Chapter 05-059
2005 -- S 0555 SUBSTITUTE A
Enacted 06/23/05
A N A C T
RELATING
TO HEALTH AND SAFETY -- LICENSING OF HEALTH CARE FACILITIES
Introduced
By: Senators Roberts, Goodwin, C Levesque, Pichardo, and Polisena
Date
Introduced: February 10, 2005
It is enacted by the General Assembly as
follows:
SECTION 1. Section
23-17-40 of the General Laws in Chapter 23-17 entitled "Licensing
of Health Care Facilities" is hereby
amended to read as follows:
23-17-40.
Hospital events reporting. -- (a) Reportable events as defined in
subsection
(b) shall be reported to the department of
health division of facilities regulation on a telephone
number maintained for that purpose. Hospitals
shall report incidents as defined in subsection (b)
within twenty-four (24) hours of when the
accident occurred or if later, within twenty-four (24)

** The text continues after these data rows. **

(* If $A_1,\ldots,A_n$ are sequentially distorted subsets of a group $G$, then $A:=A_1A_2\cdots A_n=\{a_1a_2\cdots a_n: a_i\in A_i\}$ is sequentially distorted in $G$. Moreover, if each $A_j$ is strongly distorted, then $A$ is strongly distorted.
   Context: For $S\subset G$ and $k\in\mathbb N$, $S^k=\{s_1\cdots s_k: s_i\in S\}$. A subset $A$ of $G$ is sequentially distorted if there is a sequence $(w_n)\subset\mathbb N$ such that for every sequence $(a_n)\subset A$ there is a finite $S\subset G$ with $a_n\in S^{w_n}$ for all $n$. It is strongly distorted if there are $m\in\mathbb N$ and $(w_n)\subset\mathbb N$ such that for every sequence $(a_n)\subset A$ there is $S\subset G$ of cardinality $m$ with $a_n\in S^{w_n}$ for all $n$. *)

From mathcomp Require Import all_boot.
Set Implicit Arguments. Unset Strict Implicit. Unset Printing Implicit Defensive.

Section Distortion.
Variable G : groupType.

Definition in_pow (S : seq G) (k : nat) (x : G) : Prop :=
  exists s : 'I_k -> G, (forall i, s i \in S) /\ x = \big[mul/one]_(i < k) s i.

Definition seq_distorted (A : G -> Prop) : Prop :=
  exists w : nat -> nat, (forall n, 0 < w n) /\
    forall a : nat -> G, (forall n, A (a n)) ->
      exists S : seq G, forall n, in_pow S (w n) (a n).

Definition strongly_distorted (A : G -> Prop) : Prop :=
  exists (m : nat) (w : nat -> nat), (forall n, 0 < w n) /\
    forall a : nat -> G, (forall n, A (a n)) ->
      exists S : seq G, uniq S /\ size S = m /\
        forall n, in_pow S (w n) (a n).

Definition prod_set (n : nat) (A : 'I_n -> G -> Prop) (x : G) : Prop :=
  exists a : 'I_n -> G, (forall i, A i (a i)) /\ x = \big[mul/one]_(i < n) a i.

End Distortion.

(* Write a_k = a_k1 ... a_kn with a_ki in A_i.  For each i the sequence
   (a_ki)_k lies in A_i, so a_ki is in S_i^(w_i k) for a finite S_i; then
   a_k is in S^(w_1 k + ... + w_n k) for the union S of the S_i.  In the
   strong case S has at most m_1 + ... + m_n elements; since every element
   of S can be used in a product or ignored, S may be enlarged to a set of a
   size M fixed in advance: M = m_1 + ... + m_n, or |G| if G is smaller. *)
From Stdlib Require Import Classical ClassicalEpsilon.
From mathcomp Require Import all_boot.

Set Implicit Arguments.
Unset Strict Implicit.
Unset Printing Implicit Defensive.

Section Padding.
Variable T : eqType.

Lemma uniq_pad (U V : seq T) m :
  uniq U -> size U <= m -> uniq V -> size V = m ->
  exists W, [/\ uniq W, size W = m & {subset U <= W}].
Proof.
move=> uU sU uV sV; set F := [seq v <- V | v \notin U].
have uUF : uniq (U ++ F).
  rewrite cat_uniq uU filter_uniq //= andbT.
  by apply/hasPn => x; rewrite mem_filter => /andP[].
have sUF : m <= size (U ++ F).
  rewrite -sV; apply: uniq_leq_size => // x xV; rewrite mem_cat mem_filter xV.
  by case: (x \in U).
exists (take m (U ++ F)); split; first exact: take_uniq.
  exact: size_takel.
by move=> x xU; rewrite take_cat ltnNge sU /= mem_cat xU.
Qed.

(* M < N happens when T is finite with fewer than N elements. *)
Lemma exists_max_uniq_size N : exists M,
  (exists V : seq T, uniq V /\ size V = M) /\
  forall U : seq T, uniq U -> size U <= N -> size U <= M.
Proof.
elim: N => [|N [M [exV maxM]]].
  by exists 0; split=> [|U _]; [exists [::] | rewrite leqn0].
case: (classic (exists V : seq T, uniq V /\ size V = N.+1)) => [exV'|noV].
  by exists N.+1; split.
exists M; split=> // U uU; rewrite leq_eqVlt => /orP[/eqP sU | ]; last exact: maxM.
by case: noV; exists U.
Qed.

End Padding.

Section Powers.
Variable G : groupType.
Implicit Types (S : seq G) (x y : G).

Lemma in_pow0 S : in_pow S 0 one.
Proof. by exists (fun=> one); split; [case | rewrite big_ord0]. Qed.

Lemma in_pow_mul S k l x y :
  in_pow S k x -> in_pow S l y -> in_pow S (k + l) (mul x y).
Proof.
move=> [s [sS ->]] [t [tS ->]].
exists (fun i => match split i with inl j => s j | inr j => t j end); split.
  by move=> i; case: (split i).
rewrite big_split_ord /=; congr mul; apply: eq_bigr => i _.
  by rewrite (unsplitK (inl _ i)).
by rewrite (unsplitK (inr _ i)).
Qed.

Lemma sub_in_pow S S' k x : {subset S <= S'} -> in_pow S k x -> in_pow S' k x.
Proof. by move=> sSS' [s [sS ->]]; exists s; split=> // i; apply: sSS'. Qed.

Lemma in_pow_prod n S (w : 'I_n -> nat) (f : 'I_n -> G) :
  (forall i, in_pow S (w i) (f i)) ->
  in_pow S (\sum_(i < n) w i) (\big[mul/one]_(i < n) f i).
Proof.
elim: n w f => [|n IHn] w f fS; first by rewrite !big_ord0; apply: in_pow0.
rewrite big_ord_recr [X in in_pow _ _ X]big_ord_recr /=.
by apply: in_pow_mul; [apply: IHn => i | ]; apply: fS.
Qed.

Lemma in_pow_flatten n (S : 'I_n -> seq G) (w : 'I_n -> nat) (f : 'I_n -> G) :
  (forall i, in_pow (S i) (w i) (f i)) ->
  in_pow (flatten [seq S i | i <- enum 'I_n])
         (\sum_(i < n) w i) (\big[mul/one]_(i < n) f i).
Proof.
move=> fS; apply: in_pow_prod => i; apply: sub_in_pow (fS i) => y yS.
by apply/flatten_mapP; exists i; rewrite ?mem_enum.
Qed.

Lemma strongly_distorted_size_le (A : G -> Prop) m (w : nat -> nat) :
  (forall k, 0 < w k) ->
  (forall a : nat -> G, (forall k, A (a k)) ->
     exists S, size S <= m /\ forall k, in_pow S (w k) (a k)) ->
  strongly_distorted A.
Proof.
move=> w_gt0 distA; have [M [[V [uV sV]] maxM]] := exists_max_uniq_size G m.
exists M, w; split=> // a Aa; have [S [sS aS]] := distA a Aa.
have [|W [uW sW sSW]] := uniq_pad (undup_uniq S) _ uV sV.
  by apply: maxM; rewrite ?undup_uniq // (leq_trans (size_undup S)).
exists W; split=> //; split=> // k; apply: sub_in_pow (aS k) => y yS.
by apply: sSW; rewrite mem_undup.
Qed.

End Powers.

Section ProductSets.
Variables (G : groupType) (n : nat) (A : 'I_n -> G -> Prop).
Hypothesis n_gt0 : 0 < n.

Lemma sum_ord_gt0 (w : 'I_n -> nat) : (forall i, 0 < w i) -> 0 < \sum_(i < n) w i.
Proof. by move=> w_gt0; rewrite (bigD1 (Ordinal n_gt0)) //= addn_gt0 w_gt0. Qed.

Lemma prod_set_factors (x : nat -> G) : (forall k, prod_set A (x k)) ->
  exists a : nat -> 'I_n -> G, (forall k i, A i (a k i)) /\
    forall k, x k = \big[mul/one]_(i < n) a k i.
Proof. by move=> /choice[a aP]; exists a; split=> k; case: (aP k). Qed.

Lemma seq_distorted_prod_set :
  (forall i, seq_distorted (A i)) -> seq_distorted (prod_set A).
Proof.
move=> /choice[w wP]; exists (fun k => \sum_(i < n) w i k); split.
  by move=> k; apply: sum_ord_gt0 => i; case: (wP i).
move=> x /prod_set_factors[a [aA xE]].
have /choice[S aS] : forall i, exists S, forall k, in_pow S (w i k) (a k i).
  by move=> i; case: (wP i) => _; apply=> k; apply: aA.
by exists (flatten [seq S i | i <- enum 'I_n]) => k; rewrite xE; apply: in_pow_flatten.
Qed.

Lemma strongly_distorted_prod_set :
  (forall i, strongly_distorted (A i)) -> strongly_distorted (prod_set A).
Proof.
move=> /choice[m /choice[w wP]].
apply: (@strongly_distorted_size_le _ _ (\sum_(i < n) m i) (fun k => \sum_(i < n) w i k)).
  by move=> k; apply: sum_ord_gt0 => i; case: (wP i).
move=> x /prod_set_factors[a [aA xE]].
have /choice[S SP] : forall i, exists S, size S = m i /\
    forall k, in_pow S (w i k) (a k i).
  by move=> i; case: (wP i) => _ /(_ (a^~ i) (aA^~ i)) [S [_ SP]]; exists S.
exists (flatten [seq S i | i <- enum 'I_n]); split; last first.
  by move=> k; rewrite xE; apply: in_pow_flatten => i; case: (SP i).
rewrite size_flatten sumnE /shape big_map big_map big_enum /=.
by apply: leq_sum => i _; case: (SP i) => ->.
Qed.

End ProductSets.

Theorem lemma3p4 (G : groupType) (n : nat) (A : 'I_n -> G -> Prop) :
  0 < n ->
  ((forall i, seq_distorted (A i)) -> seq_distorted (prod_set A)) /\
  ((forall i, strongly_distorted (A i)) -> strongly_distorted (prod_set A)).
Proof.
move=> n_gt0; split.
- exact: seq_distorted_prod_set.
- exact: strongly_distorted_prod_set.
Qed.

hours of receipt of information causing the
hospital to believe that a reportable event has
occurred.
(b) (1)
Reportable events are defined as follows:
(i) Fires or
internal disasters in the facility which disrupt the provisions of patient care
services or cause harm to patients or personnel;
(ii) Poisoning
involving patients of the facility;
(iii) Infection
outbreaks as defined by the department in regulation;
(iv) Kidnapping
and inpatient psychiatric elopements and elopements by minors;
(v) Strikes by
personnel;
(vi) Disasters or
other emergency situations external to the hospital environment which
adversely affect facility operations; and
(vii) Unscheduled
termination of any services vital to the continued safe operation of the
facility or to the health and safety of its
patients and personnel.
(2) Any hospital
filing a report with the attorney general's office concerning abuse,
neglect and mistreatment of patients as defined
in chapter 17.8 of this title shall forward a copy of
the report to the department of health. In
addition, a copy of all hospital notifications and reports
made in compliance with the federal Safe Medical
Devices Act of 1990, 21 U.S.C. section 301 et
seq., shall be forwarded to the department of
health within the time specified in the federal law.
(c) Any
reportable incident in a hospital that results in patient injury as defined in
subsection (d) shall be reported to the department
of health with seventy-two (72) hours or when
the hospital has reasonable cause to believe
that an incident as defined in subsection (d) has
occurred. The department of health shall
promulgate rules and regulations outlining to include the
process whereby health care professionals with
knowledge of an incident shall report it to the
hospital, requirements for the hospital to
conduct a root cause analysis of the incident or other
appropriate process for incident investigation
and to develop and file a performance improvement
plan, and additional incidents to be reported
that are in addition to those listed in subsection (d).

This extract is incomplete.